Please give the data again in full, precisely as it is written.

Excerpted data:
──────────

Lemma collider_tree_of_d_connected E x y Z : d_connected E x y Z ->
  exists N Et p, collider_tree E x y N Et p /\ active (set_rel Et) Z p.
Proof.
move=> [p [[sz hd lt un adjp] act]].
pose below_collider w := exists l r a b c,
  [/\ p = l ++ a :: b :: c :: r, collider E a b c & desc E b w].
pose N := [set w | (w \in p) || `[< below_collider w >]].
pose Et := [set e | [&& `[< E e.1 e.2 >], e.1 \in N & e.2 \in N]].
have pN w : w \in p -> w \in N by rewrite inE => ->.
have EtP u v : set_rel Et u v <-> [/\ E u v, u \in N & v \in N].
  rewrite /set_rel inE /=.
  by split=> [/and3P[/asboolP]|[/asboolP -> -> ->]].
have in_p l r a b c : p = l ++ a :: b :: c :: r -> [/\ a \in p, b \in p & c \in p].
  by move=> ->; rewrite !(mem_cat, inE) !eqxx !orbT.
have collider_Et l r a b c : p = l ++ a :: b :: c :: r ->
    collider (set_rel Et) a b c <-> collider E a b c.
  move=> /in_p[/pN aN /pN bN /pN cN].
  split=> [[/EtP[Eab _ _] /EtP[Ecb _ _]]|[Eab Ecb]] //.
  by split; apply/EtP.
have desc_Et l r a b c w : p = l ++ a :: b :: c :: r -> collider E a b c ->
    desc E b w -> desc (set_rel Et) b w.
  move=> pe col; apply: (clos_rt_restrict (P := fun w => w \in N)).
    by move=> u v uN vN Euv; apply/EtP.
  by move=> w' bw'; rewrite inE; apply/orP; right; apply/asboolP; exists l, r, a, b, c.
exists N, Et, p; split.
  split=> //.
  - by case=> u v /EtP.
  - split=> // l r a b pe.
    have [ap bp] : a \in p /\ b \in p by rewrite pe !(mem_cat, inE) !eqxx !orbT.
    by case: (adjp _ _ _ _ pe) => ?; [left|right]; apply/EtP; rewrite !pN.
  - move=> w; rewrite inE => /orP[->//|/asboolP[l [r [a [b [c [pe col bw]]]]]]] _.
    exists l, r, a, b, c; split=> //; first exact/(collider_Et _ _ _ _ _ pe).
    exact: desc_Et pe col bw.
move=> l r a b c pe; have [colZ ncolZ] := act l r a b c pe; split.
  move=> /(collider_Et _ _ _ _ _ pe) col; case: (colZ col) => [|[z [Zz bz]]].
    by left.
  by right; exists z; split=> //; exact: desc_Et pe col bz.
by move=> ncol; apply: ncolZ => /(collider_Et _ _ _ _ _ pe).
Qed.

Lemma der_Ctr_Ind_of_d_connected S x y Z : asm_set S -> acyclic (GS S) ->
  x != y -> x \notin Z -> y \notin Z -> d_connected (GS S) x y Z ->
  der S (Ctr (Ind [set x; y] Z)).
Proof.
move=> asS acyS nxy xZ yZ /collider_tree_of_d_connected[N [Et [p [tree act]]]].
apply: der_rule (r_ind nxy xZ yZ acyS tree act) _ => b Hb.
have [e /InP] := In_map_inv Hb; rewrite mem_enum => eEt ->.
have [/(_ e eEt)[Se _ _] _ _ _] := tree.
exact: der_asm (asS _ Se) Se.
Qed.

Lemma der_Ctr_Ind_support U x y Z : x != y -> der U (Ctr (Ind [set x; y] Z)) ->
  exists Et : {set V * V}, (forall e, e \in Et -> U (Arr e.1 e.2)) /\
    forall E, acyclic E -> (forall e, e \in Et -> E e.1 e.2) -> d_connected E x y Z.
Proof.
move=> nxy; move E0: (Ctr _) => q D; case: D E0 => [//|h body R Dbody].
case: R Dbody => //.
  by move=> u v a b _ Ha _ _ _ [ea]; subst a; move: Ha => /= [|[|[]]].
move=> u v Z' H N Et p _ _ _ _ [_ pathEt _ _] act Dbody [exy ->].
exists Et; split.
  move=> e eEt; apply: der_Asm; apply: Dbody.
  by apply: (In_map (fun e : V * V => Asm (Arr e.1 e.2))); apply/InP; rewrite mem_enum.
move=> E acyE EtE; have := d_connected_of_subgraph acyE EtE pathEt act.
by have [[-> ->]|[-> ->]] := set2_eq_cases (esym exy) nxy; last exact: d_connected_sym.
Qed.

Lemma admissible_Ind_dsep S x y Z : admissible S ->
  x != y -> x \notin Z -> y \notin Z ->
  S (Ind [set x; y] Z) -> dsep (GS S) x y Z.
Proof.
move=> [asS cfS _] nxy xZ yZ SInd conn; have acyS := acyclic_GS asS cfS.
apply: cfS; exists (Ind [set x; y] Z); split=> //.
exact: der_Ctr_Ind_of_d_connected acyS nxy xZ yZ conn.
Qed.

Lemma preferred_dsep_Ind S x y Z : preferred S ->
  x != y -> x \notin Z -> y \notin Z ->
  dsep (GS S) x y Z -> S (Ind [set x; y] Z).
Proof.
move=> prefS nxy xZ yZ sep; have [[[asS cfS _] completeS] _] := prefS.
apply: (completeS (fun b => b = Ind [set x; y] Z)) => //.
  by move=> _ ->; exact: is_asm_Ind.
move=> U asU [_ [-> DU]]; have [Et [EtU conn]] := der_Ctr_Ind_support nxy DU.
have [EtS|/existsNP[e /not_implyP[eEt nSe]]] :=
  pselect (forall e, e \in Et -> S (Arr e.1 e.2)).
  by case: sep; apply: conn EtS; exact: acyclic_GS.
have Ue := EtU e eEt.
exists (Arr e.1 e.2); split=> //.
by apply: preferred_attacks_Arr => //; apply/eqP; exact: asU _ Ue.
Qed.

Lemma stable_dsep_Ind S x y Z : stable S ->
  x != y -> x \notin Z -> y \notin Z ->
  dsep (GS S) x y Z -> S (Ind [set x; y] Z).
Proof.
move=> [[asS cfS _] attS] nxy xZ yZ sep; apply: contrapT => nSInd.
have [_ [-> DS]] := attS _ (is_asm_Ind nxy xZ yZ) nSInd.
have [Et [EtS conn]] := der_Ctr_Ind_support nxy DS.
by apply: sep; apply: conn EtS; exact: acyclic_GS.
Qed.

End DSeparation.

Theorem proposition2 (V : finType) (S : asm V -> Prop) :
  preferred S \/ stable S ->
  forall (x y : V) (Z : {set V}), x != y -> x \notin Z -> y \notin Z ->
    (S (Ind [set x; y] Z) <-> dsep (GS S) x y Z).
Proof.
move=> semS x y Z nxy xZ yZ; split.
  by apply: admissible_Ind_dsep; case: semS => [[[]]|[]].
by case: semS => [prefS|stabS]; [exact: preferred_dsep_Ind|exact: stable_dsep_Ind].
Qed.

──────────

Expected answer:
Lemma collider_tree_of_d_connected E x y Z : d_connected E x y Z ->
  exists N Et p, collider_tree E x y N Et p /\ active (set_rel Et) Z p.
Proof.
move=> [p [[sz hd lt un adjp] act]].
pose below_collider w := exists l r a b c,
  [/\ p = l ++ a :: b :: c :: r, collider E a b c & desc E b w].
pose N := [set w | (w \in p) || `[< below_collider w >]].
pose Et := [set e | [&& `[< E e.1 e.2 >], e.1 \in N & e.2 \in N]].
have pN w : w \in p -> w \in N by rewrite inE => ->.
have EtP u v : set_rel Et u v <-> [/\ E u v, u \in N & v \in N].
  rewrite /set_rel inE /=.
  by split=> [/and3P[/asboolP]|[/asboolP -> -> ->]].
have in_p l r a b c : p = l ++ a :: b :: c :: r -> [/\ a \in p, b \in p & c \in p].
  by move=> ->; rewrite !(mem_cat, inE) !eqxx !orbT.
have collider_Et l r a b c : p = l ++ a :: b :: c :: r ->
    collider (set_rel Et) a b c <-> collider E a b c.
  move=> /in_p[/pN aN /pN bN /pN cN].
  split=> [[/EtP[Eab _ _] /EtP[Ecb _ _]]|[Eab Ecb]] //.
  by split; apply/EtP.
have desc_Et l r a b c w : p = l ++ a :: b :: c :: r -> collider E a b c ->
    desc E b w -> desc (set_rel Et) b w.
  move=> pe col; apply: (clos_rt_restrict (P := fun w => w \in N)).
    by move=> u v uN vN Euv; apply/EtP.
  by move=> w' bw'; rewrite inE; apply/orP; right; apply/asboolP; exists l, r, a, b, c.
exists N, Et, p; split.
  split=> //.
  - by case=> u v /EtP.
  - split=> // l r a b pe.
    have [ap bp] : a \in p /\ b \in p by rewrite pe !(mem_cat, inE) !eqxx !orbT.
    by case: (adjp _ _ _ _ pe) => ?; [left|right]; apply/EtP; rewrite !pN.
  - move=> w; rewrite inE => /orP[->//|/asboolP[l [r [a [b [c [pe col bw]]]]]]] _.
    exists l, r, a, b, c; split=> //; first exact/(collider_Et _ _ _ _ _ pe).
    exact: desc_Et pe col bw.
move=> l r a b c pe; have [colZ ncolZ] := act l r a b c pe; split.
  move=> /(collider_Et _ _ _ _ _ pe) col; case: (colZ col) => [|[z [Zz bz]]].
    by left.
  by right; exists z; split=> //; exact: desc_Et pe col bz.
by move=> ncol; apply: ncolZ => /(collider_Et _ _ _ _ _ pe).
Qed.

Lemma der_Ctr_Ind_of_d_connected S x y Z : asm_set S -> acyclic (GS S) ->
  x != y -> x \notin Z -> y \notin Z -> d_connected (GS S) x y Z ->
  der S (Ctr (Ind [set x; y] Z)).
Proof.
move=> asS acyS nxy xZ yZ /collider_tree_of_d_connected[N [Et [p [tree act]]]].
apply: der_rule (r_ind nxy xZ yZ acyS tree act) _ => b Hb.
have [e /InP] := In_map_inv Hb; rewrite mem_enum => eEt ->.
have [/(_ e eEt)[Se _ _] _ _ _] := tree.
exact: der_asm (asS _ Se) Se.
Qed.

Lemma der_Ctr_Ind_support U x y Z : x != y -> der U (Ctr (Ind [set x; y] Z)) ->
  exists Et : {set V * V}, (forall e, e \in Et -> U (Arr e.1 e.2)) /\
    forall E, acyclic E -> (forall e, e \in Et -> E e.1 e.2) -> d_connected E x y Z.
Proof.
move=> nxy; move E0: (Ctr _) => q D; case: D E0 => [//|h body R Dbody].
case: R Dbody => //.
  by move=> u v a b _ Ha _ _ _ [ea]; subst a; move: Ha => /= [|[|[]]].
move=> u v Z' H N Et p _ _ _ _ [_ pathEt _ _] act Dbody [exy ->].
exists Et; split.
  move=> e eEt; apply: der_Asm; apply: Dbody.
  by apply: (In_map (fun e : V * V => Asm (Arr e.1 e.2))); apply/InP; rewrite mem_enum.
move=> E acyE EtE; have := d_connected_of_subgraph acyE EtE pathEt act.
by have [[-> ->]|[-> ->]] := set2_eq_cases (esym exy) nxy; last exact: d_connected_sym.
Qed.

Lemma admissible_Ind_dsep S x y Z : admissible S ->
  x != y -> x \notin Z -> y \notin Z ->
  S (Ind [set x; y] Z) -> dsep (GS S) x y Z.
Proof.
move=> [asS cfS _] nxy xZ yZ SInd conn; have acyS := acyclic_GS asS cfS.
apply: cfS; exists (Ind [set x; y] Z); split=> //.
exact: der_Ctr_Ind_of_d_connected acyS nxy xZ yZ conn.
Qed.

Lemma preferred_dsep_Ind S x y Z : preferred S ->
  x != y -> x \notin Z -> y \notin Z ->
  dsep (GS S) x y Z -> S (Ind [set x; y] Z).
Proof.
move=> prefS nxy xZ yZ sep; have [[[asS cfS _] completeS] _] := prefS.
apply: (completeS (fun b => b = Ind [set x; y] Z)) => //.
  by move=> _ ->; exact: is_asm_Ind.
move=> U asU [_ [-> DU]]; have [Et [EtU conn]] := der_Ctr_Ind_support nxy DU.
have [EtS|/existsNP[e /not_implyP[eEt nSe]]] :=
  pselect (forall e, e \in Et -> S (Arr e.1 e.2)).
  by case: sep; apply: conn EtS; exact: acyclic_GS.
have Ue := EtU e eEt.
exists (Arr e.1 e.2); split=> //.
by apply: preferred_attacks_Arr => //; apply/eqP; exact: asU _ Ue.
Qed.

Lemma stable_dsep_Ind S x y Z : stable S ->
  x != y -> x \notin Z -> y \notin Z ->
  dsep (GS S) x y Z -> S (Ind [set x; y] Z).
Proof.
move=> [[asS cfS _] attS] nxy xZ yZ sep; apply: contrapT => nSInd.
have [_ [-> DS]] := attS _ (is_asm_Ind nxy xZ yZ) nSInd.
have [Et [EtS conn]] := der_Ctr_Ind_support nxy DS.
by apply: sep; apply: conn EtS; exact: acyclic_GS.
Qed.

End DSeparation.

Theorem proposition2 (V : finType) (S : asm V -> Prop) :
  preferred S \/ stable S ->
  forall (x y : V) (Z : {set V}), x != y -> x \notin Z -> y \notin Z ->
    (S (Ind [set x; y] Z) <-> dsep (GS S) x y Z).
Proof.
move=> semS x y Z nxy xZ yZ; split.
  by apply: admissible_Ind_dsep; case: semS => [[[]]|[]].
by case: semS => [prefS|stabS]; [exact: preferred_dsep_Ind|exact: stable_dsep_Ind].
Qed.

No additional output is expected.